A la cita matinal habían acudido garzas
reales y blancas, que competían en estilizado diseño con un ibis sagrado. Y también
un bando numeroso de pelícanos, de más desgarbada apariencia pero a años luz de
elegancia que los marabúes, igualmente presentes. Yo aguzaba la vista, por
localizar a un ave martillo, que alguien acababa de identificar entre aquel
revoltijo emplumado, encarando, hipnotizada, el mundo subacuático. Quería
comprobar el porqué de su nombre, que justifica el penacho que prolonga hacia
atrás su cabeza, y que con pico y cuello remeda la herramienta de su apodo.
Al
pronto, sin embargo, los ojos se me fueron tras pájaros que en un repente
remontaban el vuelo. Fue entonces cuando me encontré con un nuevo ser, que
acababa de irrumpir en escena. Acerté a verlo justo en el instante en que
surcaba el aire, sin alas que lo propulsaran. Estaba precipitándose al
encuentro del agua, desde un alto donde la orilla se volvía montículo.

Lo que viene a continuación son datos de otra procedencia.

Definition two_subset {X : Type} (F : set X) : Prop :=
  exists r s : X, r <> s /\ F = [set r; s].

(* We represent it as a function on all subsets, only constrained on [X]^2
   (its values elsewhere are irrelevant to every notion below). *)
Definition two_point_selection {X : Type} (f : set X -> X) : Prop :=
  forall F : set X, two_subset F -> F (f F).

Definition sel_lt {X : Type} (f : set X -> X) (r s : X) : Prop :=
  r <> s /\ f [set r; s] = r.

Definition sel_left_ray {X : Type} (f : set X -> X) (r : X) : set X :=
  [set x | sel_lt f x r].
Definition sel_right_ray {X : Type} (f : set X -> X) (r : X) : set X :=
  [set x | sel_lt f r x].

Definition sel_subbase {X : Type} (f : set X -> X) : set (set X) :=
  [set U | exists r, U = sel_left_ray f r \/ U = sel_right_ray f r].

Definition generated_topology {X : Type} (S : set (set X)) : set (set X) :=
  [set U | forall x, U x ->
     exists s : seq (set X), (forall V, V \in s -> S V) /\
        (forall V, V \in s -> V x) /\
        (forall y, (forall V, V \in s -> V y) -> U y)].

Definition tau_sel {X : Type} (f : set X -> X) : set (set X) :=
  generated_topology (sel_subbase f).

Definition borel_sel {X : Type} (f : set X -> X) : set (set X) :=
  smallest (sigma_algebra setT) (tau_sel f).

(* Fix a bijection between R and R * (R * bool), so that R is a disjoint union
   of blocks {y} * R * bool.  For nu ⊆ R, order R lexicographically by blocks,
   and inside the block of y either as two consecutive copies of R, all
   (u, false) before all (v, true), when y ∈ nu, or as the double arrow
   (u, false) < (u, true) < (v, false) for u < v, when y ∉ nu; f_nu picks the
   smaller point of a pair, so tau_{f_nu} is the order topology.
   For y ∈ nu the false half {(y, u, false)} of the block is open.  For y ∉ nu,
   an open set containing (u, false) contains (v, true) for all v slightly
   below u, and one containing (u, true) contains (v, false) for all v
   slightly above u; choosing rationals in these intervals shows that an open
   set separates (u, false) from (u, true) for countably many u only.  Sets
   with this property form a sigma-algebra, hence include all Borel sets, yet
   the false half separates every such pair. *)

From mathcomp Require Import all_boot all_order all_algebra.
From mathcomp Require Import classical_sets boolp functions cardinality filter.
From mathcomp Require Import measurable_structure measure lebesgue_measure.
From mathcomp Require Import reals Rstruct Rstruct_topology constructive_ereal.
From mathcomp Require Import lra.
From Stdlib Require Import Reals.
Import Order.TTheory GRing.Theory Num.Theory.
Local Open Scope classical_set_scope.
Local Open Scope ring_scope.
Local Open Scope card_scope.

Los leopardos son así de sorprendentes. Lo
mismo aparecen como posados sobre la rama de un árbol que pierden pie
lanzándose al vacío desde la altura. O nadan, como enseguida comprobamos, pues
si el agua se abrió bajo el impulso de su peso, de inmediato emergió de nuevo
el felino y navegó hacia la orilla. Asomaba únicamente la cabeza, que no
reflejaba decepción o enfado, como si no hubiera fallado en su intento de cazar
una zancuda o hacerse con un pez y sólo pretendiera entregarse al placer de un
baño mañanero. En llegando a la ribera, aún se entretuvo un poco de tiempo en
vagar por los alrededores, sin que le importara un ardite nuestra presencia.
Luego, se fue tan lentamente como si no tuviera prisa alguna en que se
desvaneciera la admiración con que lo mirábamos.
En la charca, un marabú se tragó un pescado.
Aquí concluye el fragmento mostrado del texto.